India however is offering something else to the carbon emissions struggle – a plan to install a massive 100GW of solar energy generation capacity by 2022. This comes on top of a plan for 100GW wind generation. And President Obama made a commitment to support the ambitious Indian clean energy drive.

His pledge signals progress for US international energy policy. In 2013 he announced the $7bn Power Africa initiative, which was much more focused on conventional energy development. The offer was then criticised for addressing the problem in a wrong way.

Providing renewable power for those with no grid access in India and Africa is not just a humanitarian objective. It is a huge task that could turn around what we tend to call business as usual scenario – the expectation that in order to get out of poverty countries need to increase their carbon emissions.

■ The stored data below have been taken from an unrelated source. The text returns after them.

(* Let $G$ be a $6$-regular graph, $\mathcal S$ a canonical path partition of $G$, $P$ a path component, and $X=x_1x_2\cdots x_k$ with $k\ge 2$ a sequence of consecutive vertices of $P$, all in $V_2^b$, such that no vertex of $X$ is joined by a free edge to a dangerous vertex. Then $b(X)\le \frac23(k+2)$.
   Context: All graphs are finite, simple and undirected. A path partition of $G=(V,E)$ is a set of vertex-disjoint paths (single vertices allowed) covering $V$; its members are components. A component with $t\ge3$ vertices is a cycle component if the subgraph induced on its vertex set has a spanning cycle; a one-vertex component is an isolated vertex; every other component is a path component. A path partition is canonical if (1) it has the minimum number of components among all path partitions of $G$; (2) among those, it has the maximum number of cycle components; (3) it has no isolated vertices. Given a canonical path partition $\mathcal S$ of $G$: two vertices are path neighbors if they are consecutive on a path component. An edge of $G$ is a free edge unless it joins two path neighbors or has both endpoints in the same cycle component. $V_1$ is the set of end-vertices of path components together with all vertices of cycle components. The remaining vertices are classified by the first applicable rule: $V_2$: joined by a free edge to a vertex of $V_1$; $V_3$: both path neighbors lie in $V_2$; $V_4$: exactly one path neighbor lies in $V_2$; $V_5$: all others. $V_2^b$ is the set of vertices of $V_2$ having at least one path neighbor in $V_2$. A balanced edge is a free edge with one endpoint in $V_1$ and the other in $V_2$. A vertex of $V_2$ is moderate if it is incident to at least two balanced edges, at least one of whose other endpoints is an end-vertex of a path component; it is heavy if it is incident to at least three balanced edges whose other endpoints are end-vertices of path components. A vertex of $V_3$ is dangerous if one of its path neighbors is heavy and the other is moderate. For $Y\subseteq V_2$, $b(Y)$ is the sum, over all balanced edges $xy$ with $x\in Y$ and $y\in V_1$, of $2/3$ if $y$ is an end-vertex of a path component, $1/|V(C)|$ if $y$ lies in a cycle component $C$ with $|V(C)|\le 6$, and $0$ if $y$ lies in a cycle component with at least $7$ vertices. *)

From HB Require Import structures.
From mathcomp Require Import all_boot all_order all_algebra.
Set Implicit Arguments. Unset Strict Implicit. Unset Printing Implicit Defensive.
Import Order.TTheory GRing.Theory Num.Theory.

For most of the off-grid populations around the world the carbon intensive path will simply not work. Their income level and, in the case of Africa, the pattern of geographical spread can not support expensive centralised generation and transmission infrastructure. And no matter how generous the richer countries are, they will not be able to provide sufficient financial aid to fill the centralised energy investment gap.

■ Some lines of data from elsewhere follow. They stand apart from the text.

(* Let $w\in\Sigma^*$ label a path in the NFA $\mathcal{A}$ from a state $A$ to a state $A'$. Then this path is unique: whenever $w=uv$ and $A\xrightarrow{u}B\xrightarrow{v}A'$ and $A\xrightarrow{u}B'\xrightarrow{v}A'$ in $\mathcal{A}$, we have $B=B'$.
   Context: $\Sigma$ is a finite alphabet with involution $a\mapsto\overline a$ (bijection, $\overline{\overline a}=a$), extended to words by $\overline{a_1\cdots a_m}=\overline{a_m}\cdots\overline{a_1}$. $k\ge1$ is a fixed integer, $[k]=\{0,\dots,k\}$. $\mathcal{A}_1$ is a complete DFA with state set $\mathcal{Q}_1$, initial state $q_{01}$, final states $\mathcal{F}_1$; $\mathcal{A}_2$ is a complete DFA with state set $\mathcal{Q}_2$, initial state $q_{02}$, final states $\mathcal{F}_2$; $p\cdot w$ denotes the state reached from $p$ reading $w$. Let $\mathcal{Q}=\{(q_{01}\cdot w,q_{02}\cdot w): w\in\Sigma^*\}$ and for $P=(p_1,p_2)\in\mathcal{Q}$ put $P\cdot a=(p_1\cdot a,p_2\cdot a)$. A quadruple $(p_1,p_2,q_1,q_2)\in\mathcal{Q}_1\times\mathcal{Q}_2\times\mathcal{Q}_1\times\mathcal{Q}_2$ is a bridge if $B(p_1,p_2,q_1,q_2)=\{\beta: p_1\cdot\beta=q_1,\ p_2\cdot\overline\beta=q_2\}\neq\emptyset$. The NFA $\mathcal{A}$ has state set $\{((p_1,p_2),q_1,q_2,\ell): (p_1,p_2)\in\mathcal{Q},\ q_i\in\mathcal{Q}_i,\ \ell\in[k],\ (p_1,p_2,q_1,q_2)\text{ a bridge}\}$ and, for $a\in\Sigma$, the following $a$-transitions, present whenever both endpoints are states of $\mathcal{A}$: $(P,q_1\cdot\overline a,q_2\cdot\overline a,0)\xrightarrow{a}(P\cdot a,q_1,q_2,0)$ if $q_1\cdot\overline a\notin\mathcal{F}_1$ and $q_2\cdot\overline a\notin\mathcal{F}_2$; $(P,q_1\cdot\overline a,q_2\cdot\overline a,0)\xrightarrow{a}(P\cdot a,q_1,q_2,1)$ if $q_1\cdot\overline a\in\mathcal{F}_1$ or $q_2\cdot\overline a\in\mathcal{F}_2$; $(P,q_1\cdot\overline a,q_2\cdot\overline a,\ell)\xrightarrow{a}(P\cdot a,q_1,q_2,\ell+1)$ for $1\le\ell<k$. Initial states of $\mathcal{A}$ are the states $((q_{01},q_{02}),q_1',q_2',0)$, final states are the states at level $k$. *)

From mathcomp Require Import all_boot.
Set Implicit Arguments. Unset Strict Implicit. Unset Printing Implicit Defensive.

Section NFA.
Variables (Sigma : finType) (bar : Sigma -> Sigma) (k : nat).
Variables (Q1 : finType) (d1 : Q1 -> Sigma -> Q1) (q01 : Q1) (F1 : {set Q1}).
Variables (Q2 : finType) (d2 : Q2 -> Sigma -> Q2) (q02 : Q2) (F2 : {set Q2}).

Definition wbar (w : seq Sigma) : seq Sigma := rev (map bar w).

Definition run (Q : Type) (d : Q -> Sigma -> Q) (p : Q) (w : seq Sigma) : Q :=
  foldl d p w.

Definition reachable (P : Q1 * Q2) : Prop :=
  exists w : seq Sigma, P = (run d1 q01 w, run d2 q02 w).

Definition bridge (p1 : Q1) (p2 : Q2) (q1 : Q1) (q2 : Q2) : Prop :=
  exists beta : seq Sigma, run d1 p1 beta = q1 /\ run d2 p2 (wbar beta) = q2.

Definition nstate := ((Q1 * Q2) * Q1 * Q2 * nat)%type.

Definition is_state (S : nstate) : Prop :=
  let: (P, q1, q2, l) := S in
  [/\ reachable P, l <= k & bridge P.1 P.2 q1 q2].

Definition step (a : Sigma) (S S' : nstate) : Prop :=
  [/\ is_state S, is_state S' &
   let: (P, r1, r2, l) := S in
   let: (P', q1, q2, l') := S' in
   [/\ P' = (d1 P.1 a, d2 P.2 a), r1 = d1 q1 (bar a), r2 = d2 q2 (bar a) &
       [\/ [/\ l = 0, l' = 0, r1 \notin F1 & r2 \notin F2],
           [/\ l = 0, l' = 1 & (r1 \in F1) || (r2 \in F2)]
         | [/\ 1 <= l, l < k & l' = l.+1]]]].

Fixpoint npath (S : nstate) (w : seq Sigma) (S' : nstate) : Prop :=
  if w is a :: w' then exists T, step a S T /\ npath T w' S' else S = S'.

End NFA.

From mathcomp Require Import all_boot.
Set Implicit Arguments.
Unset Strict Implicit.
Unset Printing Implicit Defensive.

(* A state ((p1,p2), q1, q2, l) splits into a forward part (P, l) and a
   backward part (q1, q2).  An a-transition determines the forward part of
   its target from its source, and the backward part of its source from its
   target.  So on a path reading w to A', the backward part of every state is
   fixed by the rest of w, and then, letter by letter from A, each next state
   is fixed by the current one. *)

Section UniquePath.
Variables (Sigma : finType) (bar : Sigma -> Sigma) (k : nat).
Variables (Q1 : finType) (d1 : Q1 -> Sigma -> Q1) (q01 : Q1) (F1 : {set Q1}).
Variables (Q2 : finType) (d2 : Q2 -> Sigma -> Q2) (q02 : Q2) (F2 : {set Q2}).

Local Notation step := (step bar k d1 q01 F1 d2 q02 F2).
Local Notation npath := (npath bar k d1 q01 F1 d2 q02 F2).

Definition nstate_fwd (S : nstate Q1 Q2) : (Q1 * Q2) * nat :=
  let: (P, _, _, l) := S in (P, l).

Definition nstate_bwd (S : nstate Q1 Q2) : Q1 * Q2 :=
  let: (_, q1, q2, _) := S in (q1, q2).

Lemma nstate_eq S T :
  nstate_fwd S = nstate_fwd T -> nstate_bwd S = nstate_bwd T -> S = T.
Proof.
by case: S => [[[P r1] r2] l]; case: T => [[[P' r1'] r2'] l'] /= [-> ->] [-> ->].
Qed.

Lemma step_fwd_det a S T T' :
  step a S T -> step a S T' -> nstate_fwd T = nstate_fwd T'.
Proof.
case: S => [[[P r1] r2] l]; case: T => [[[P1 q1] q2] l1].
case: T' => [[[P1' q1'] q2'] l1'] /= [_ _ [-> _ _ lvl]] [_ _ [-> _ _ lvl']].
congr pair.
case: lvl => [[l0 l1_0 n1 n2]|[l0 l1_1 acc]|[ge1 ltk l1_S]];
case: lvl' => [[l0' l1_0' m1 m2]|[l0' l1_1' acc']|[ge1' ltk' l1_S']]; subst => //.
- by move: acc'; rewrite (negbTE n1) (negbTE n2).
- by move: acc; rewrite (negbTE m1) (negbTE m2).
Qed.

Lemma step_bwd_inj a S S' T T' : nstate_bwd T = nstate_bwd T' ->
  step a S T -> step a S' T' -> nstate_bwd S = nstate_bwd S'.
Proof.
case: S => [[[P r1] r2] l]; case: S' => [[[P' r1'] r2'] l'].
case: T => [[[P1 q1] q2] l1]; case: T' => [[[P1' q1'] q2'] l1'] /= [-> ->].
by case=> _ _ [_ -> -> _] [_ _ [_ -> -> _]].
Qed.

Lemma npath_bwd_inj w S S' T :
  npath S w T -> npath S' w T -> nstate_bwd S = nstate_bwd S'.
Proof.
elim: w S S' => [|a w IHw] S S' /=; first by move=> -> ->.
case=> [X [stepX pathX]] [X' [stepX' pathX']].
exact: step_bwd_inj (IHw _ _ pathX pathX') stepX stepX'.
Qed.

Lemma npath_cat u v S B T : npath S u B -> npath B v T -> npath S (u ++ v) T.
Proof.
elim: u S => [|a u IHu] S /=; first by move=> ->.
by case=> [X [stepX pathX]] pathB; exists X; split; last exact: IHu pathB.
Qed.

Lemma npath_split_uniq u v A A' B B' :
  npath A u B -> npath B v A' -> npath A u B' -> npath B' v A' -> B = B'.
Proof.
elim: u A => [|a u IHu] A /=; first by move=> <- _ <-.
case=> [X [stepX pathX]] pathB [X' [stepX' pathX']] pathB'.
have eqX : X = X'.
  apply: nstate_eq; first exact: step_fwd_det stepX stepX'.
  exact: npath_bwd_inj (npath_cat pathX pathB) (npath_cat pathX' pathB').
by subst X'; exact: IHu pathX pathB pathX' pathB'.
Qed.

End UniquePath.

Theorem lemma4
  (Sigma : finType) (bar : Sigma -> Sigma) (bar_invol : involutive bar)
  (k : nat) (hk : 1 <= k)
  (Q1 : finType) (d1 : Q1 -> Sigma -> Q1) (q01 : Q1) (F1 : {set Q1})
  (Q2 : finType) (d2 : Q2 -> Sigma -> Q2) (q02 : Q2) (F2 : {set Q2})
  (A A' B B' : nstate Q1 Q2) (u v : seq Sigma) :
  let pth := npath bar k d1 q01 F1 d2 q02 F2 in
  pth A u B -> pth B v A' -> pth A u B' -> pth B' v A' -> B = B'.
Proof. exact: npath_split_uniq. Qed.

And they don’t have to. The cases of India and Africa might be very different but their vast off grid population offers a great opportunity to the more developed countries. This is the reason why Obama’s promise to support India’s renewable ambition is significant.

US technology, technical assistance and investment could give a strong boost to India’s clean energy plan. The thriving Indian technology sector could provide high quality and low cost research and production capacity for the mutual benefit of the two countries.

The Indian plan could also have a wider systemic effect – it could contribute to the further reduction of the cost of renewables, improve installation knowhow and trigger technological breakthroughs on the back of its huge scale.

We could see an accelerated decoupling of poverty reduction and CO2 emissions growth. That could signal an end of the global climate mitigation divide between developed and developing countries. The predominantly aid based climate mitigation policy for poorer countries will move to a sustainable business model for expanding renewables.

Such transformation is already underway in Bangladesh where home solar systems are being installed at a rate of 100,000 per month. Organisations like SolarAid and initiatives like Lighting Africa are bringing solar lights to millions in Sub Saharan Africa. The natural next stage will be organic growth of local micro-grids and connecting appliances other then lights.

Obama’s visit to India highlights also another question – where is Europe in the global clean energy race and cooperation? Europeans like to see themselves as global leaders in clean energy and climate policies. We are so much absorbed by this belief that we started criticising ourselves for doing too much.

Many European governments are convinced that they have gone too far with the renewables drive and that it would be wiser to slow down. And Europe has slowed down. It did it just when the steep climb was over and the cost of renewables has levelled with the cost of conventional energy.

Last year, according to Bloomberg New Energy Finance, investment in renewables in India went up 14% and in the US – 8% while for Europe the figure is just 1%. Europe’s renewable energy ambitions have entered an erratic midlife crisis. European renewables depend now more on insecurity over assumed cost and on targets that have been watered down by political compromises than on a vision for future opportunities.

Research is also lagging behind. The European Union is registering fewer clean energy patents than the US, Japan or even China. Current and future clean energy competitiveness is slipping out of the hands of Europe. And part of the reason is that Europe is inward looking.

Absorbed by internal energy policy disputes, the European Union is failing to capitalise on the global growth potential of the renewables industry which attracted $310bn investment in 2014.

A key component that is missing in European energy policy is ambitious clean energy diplomacy. Clean energy needs proactive global cooperation in trade, research and manufacturing. India with its strong technology sector and ambitious renewable energy targets is the perfect partner in the global low carbon industry competition. Europe should race to support and join the Indian ambition. Such move would bring significant political and economic benefits to Europe and will revitalise its aging renewables ambitions.

There is a murky light at the end of the tunnel. The current debate around the Energy Union, the flagship policy of the European Commission President Juncker, might bring some focus to the global potential of the European clean energy sector. A visit by Mr. Juncker before the Paris Climate Conference to India, Bangladesh and Africa to promote clean energy cooperation with Europe might be a good first step.